With that in mind, let’s quickly look at where we stand and whether that market narrative could hold.
The upshot? Well, XBTO chief commercial officer Javier Rodriguez-Alarcon told Blockworks that the upcoming US elections, uncertainty around the Fed’s rate path and an escalating conflict in the Middle East could lead to significant disruptions.
“We believe these factors will impact crypto markets, leaving little room for typical seasonality effects to play out this year,” he added.
While we haven’t seen any extreme BTC price moves in October yet (at least not on a net basis), bitcoin rose to nearly $62,000 after this morning’s jobs print.
BTC fluctuated from there, ending up back around $61,980 at 2 pm ET — up 2% from 24 hours prior.
Today’s US Bureau of Labor Statistics Report showed that nonfarm payroll employment jumped by 254,000 in September (up from a revised 159,000 in August). The unemployment rate, at 4.1%, was lower than the 4.2% expectation.

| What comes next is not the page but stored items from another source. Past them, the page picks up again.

Lemma block_positive_congr m n p q (A : 'M[C]_(p, m)) (B : 'M[C]_(q, n)) W :
  block_positive W -> block_positive ((A *t B) *m W *m adjmx (A *t B)).
Proof.
move=> W_bp a b; rewrite qform_congr adjmx_tens.
by have := W_bp (adjmx A *m a) (adjmx B *m b); rewrite -tensmx_mul.
Qed.

Lemma EW_of_qform_lt0 m n (W : 'M[C]_(m * n)) z :
  Defs.hermitian W -> block_positive W -> qform W z < 0 -> is_EW m n W.
Proof.
move=> W_herm W_bp Wz_lt0; split=> //; split=> [S|].
  exact: sep_ge0_of_block_positive.
have z_neq0 : z != 0.
  by apply: contraTneq Wz_lt0 => ->; rewrite qform_vec0 ltxx.
pose S := (cvdot z z)^-1 *: (z *m adjmx z).
have WS_lt0 : \tr (W *m S) < 0.
  rewrite -scalemxAr mxtraceZ mxtrace_mul_rank1 pmulr_rlt0 // invr_gt0.
  by rewrite lt_def cvdot_ge0 cvdot_eq0 z_neq0.
exists S; split=> //; split; first exact: rank1_state.
by move/(sep_ge0_of_block_positive W_bp); rewrite lt_geF.
Qed.

Lemma state_NPT_of_qform_lt0 m n (sigma : 'M[C]_(m * n)) z :
  psd sigma -> qform (ptrans m n sigma) z < 0 ->
  is_state ((\tr sigma)^-1 *: sigma) /\ NPT m n sigma.
Proof.
move=> sigma_psd neg; split; last by case=> _ /(_ z); rewrite lt_geF.
apply: psd_normalize => //; apply: contraTneq neg => /(psd_tr0 sigma_psd) ->.
by rewrite linear0 qform_mx0 ltxx.
Qed.

End Witness.

Theorem lemma10 (C : numClosedFieldType) (m n : nat) :
  (* (i) NPT states *)
  (forall (rho : 'M[C]_(m * n)) (p : nat),
     is_state rho -> NPT m n rho ->
     is_min_negdim m n (ptrans m n rho) p ->
     exists (A : 'M[C]_(p, m)) (B : 'M[C]_(p, n)),
       let sigma := (A *t B) *m rho *m adjmx (A *t B) in
       is_state ((\tr sigma)^-1 *: sigma) /\ NPT p p sigma) /\
  (* (ii) entanglement witnesses *)
  (forall (W : 'M[C]_(m * n)) (p : nat),
     is_EW m n W ->
     is_min_negdim m n W p ->
     exists (A : 'M[C]_(p, m)) (B : 'M[C]_(p, n)),
       is_EW p p ((A *t B) *m W *m adjmx (A *t B))).
Proof.
split.
- move=> rho _ [rho_psd _] _ [[y [y_neq0 [y_neg ->]]] _]; rewrite locdim_min.
  exists (map_mx Num.conj (lfilterA y)), (lfilterB y) => /=.
  apply: state_NPT_of_qform_lt0; first exact: psd_congr.
  rewrite ptrans_congr map_conj_mxK.
  by apply: lfilter_qform_lt0 => //; apply: hermitian_ptrans; case: rho_psd.
- move=> W _ [W_herm [W_sep _]] [[y [y_neq0 [y_neg ->]]] _]; rewrite locdim_min.
  exists (lfilterA y), (lfilterB y).
  apply: EW_of_qform_lt0 (lfilter_qform_lt0 W_herm y_neg y_neq0).
    exact: hermitian_congr.
  exact/block_positive_congr/block_positive_of_sep_ge0.
Qed.
Lemma scanned_transfer st st' (removed : T -> T -> Prop) :
  done st' \subset done st ->
  (forall v B, List.In (Scan v B) (stack st') -> B = nonmatch_nbrs e mate v \/
     exists2 A, List.In (Scan v A) (stack st) &
       forall w, w \notin B -> w \notin A \/ removed v w) ->
  forall v w, scanned st' v w -> scanned st v w \/ removed v w.
Proof.
move=> sub_done hframes v w [hw [vD|[B [hB wB]]]].
  by left; split => //; left; apply: (subsetP sub_done).
case: (hframes _ _ hB) => [hBv|[A hA /(_ _ wB) [wA|]]]; last by right.
  by rewrite hBv hw in wB.
by left; split => //; right; exists A.
Qed.

Lemma scanned_transfer_mono st st' :
  done st' \subset done st ->
  (forall v B, List.In (Scan v B) (stack st') ->
     B = nonmatch_nbrs e mate v \/ List.In (Scan v B) (stack st)) ->
  forall v w, scanned st' v w -> scanned st v w.
Proof.
move=> sub_done hframes v w /(@scanned_transfer st st' (fun _ _ => False) sub_done) [] //.
by move=> u B /hframes [->|hB]; [left | right; exists B => // z ->; left].
Qed.

Section AfterScan.
Variables (st st' : state T) (x y : T) (A : {set T}) (s pre : seq (frame T)).
Hypotheses (hs : stack st = Scan x A :: s) (hs' : stack st' = pre ++ Scan x (A :\ y) :: s)
  (hpre : forall v B, List.In (Scan v B) pre -> B = nonmatch_nbrs e mate v).

Lemma in_stack_after_scan v B : List.In (Scan v B) (stack st') ->
  [\/ B = nonmatch_nbrs e mate v, v = x /\ B = A :\ y | List.In (Scan v B) s].
Proof.
rewrite hs' => /List.in_app_iff [/hpre|[[-> <-]|]]; by [constructor 1|constructor 2|constructor 3].
Qed.

Lemma scanned_after_scan : done st' = done st ->
  forall v w, scanned st' v w -> scanned st v w \/ (v = x /\ w = y).
Proof.
move=> hdone; apply: scanned_transfer; first by rewrite hdone.
move=> v B /in_stack_after_scan [->|[-> ->]|hB]; [by left | right; exists A | right; exists B].
- by rewrite hs; left.
- by move=> w; rewrite !inE negb_and negbK => /orP [/eqP ->|->]; [right | left].
- by rewrite hs; right.
- by move=> w ->; left.
Qed.

End AfterScan.

Section ForestFacts.
Variable st : state T.
Hypothesis I : forest_inv st.

Lemma parent_base_is_base C : is_base st C -> is_base st (parent_base st C).
Proof.
move=> hC; rewrite /parent_base.
by case: (base_mate I hC) => [->|[u -> /andP [uS uE]]] //; apply/(base_is_base I)/(odd_par_even I).
Qed.

Lemma iter_parent_base_is_base k C : is_base st C -> is_base st (iter k (parent_base st) C).
Proof. by move=> hC; elim: k => //= k IH; apply: parent_base_is_base. Qed.

Lemma tree_anc_is_base A C : is_base st C -> tree_anc st A C -> is_base st A.
Proof. by move=> hC [k <-]; apply: iter_parent_base_is_base. Qed.

Lemma scanned_even v w : scanned st v w -> v \in evn st.
Proof.
move=> [_ [/(done_even I) //|[A [hA _]]]].
exact/(stack_even I)/(frame_vertex_in hA).
Qed.

Lemma iter_parent_base_agree st' :
  (forall C, is_base st C -> parent_base st' C = parent_base st C) ->
  forall k C, is_base st C -> iter k (parent_base st') C = iter k (parent_base st) C.
Proof.
move=> hpar; elim=> //= k IH C hC.
by rewrite IH // hpar //; apply: iter_parent_base_is_base.
Qed.

Lemma tree_anc_agree st' A C :
  (forall C, is_base st C -> parent_base st' C = parent_base st C) ->
  is_base st C -> tree_anc st' A C <-> tree_anc st A C.
Proof.
move=> hpar hC; rewrite /tree_anc.
by split=> -[k hk]; exists k; rewrite -hk (iter_parent_base_agree hpar).
Qed.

Susannah Streeter, head of money and markets at Hargreaves Lansdown, noted the Fed’s concerns about the jobs market potentially cooling off rapidly. That led to the US central bank’s 50-basis point cut last month.
“These latest numbers will help assuage those worries and add to a picture of a resilient US economy, which appears to be heading for a soft landing,” Streeter added in a statement this morning.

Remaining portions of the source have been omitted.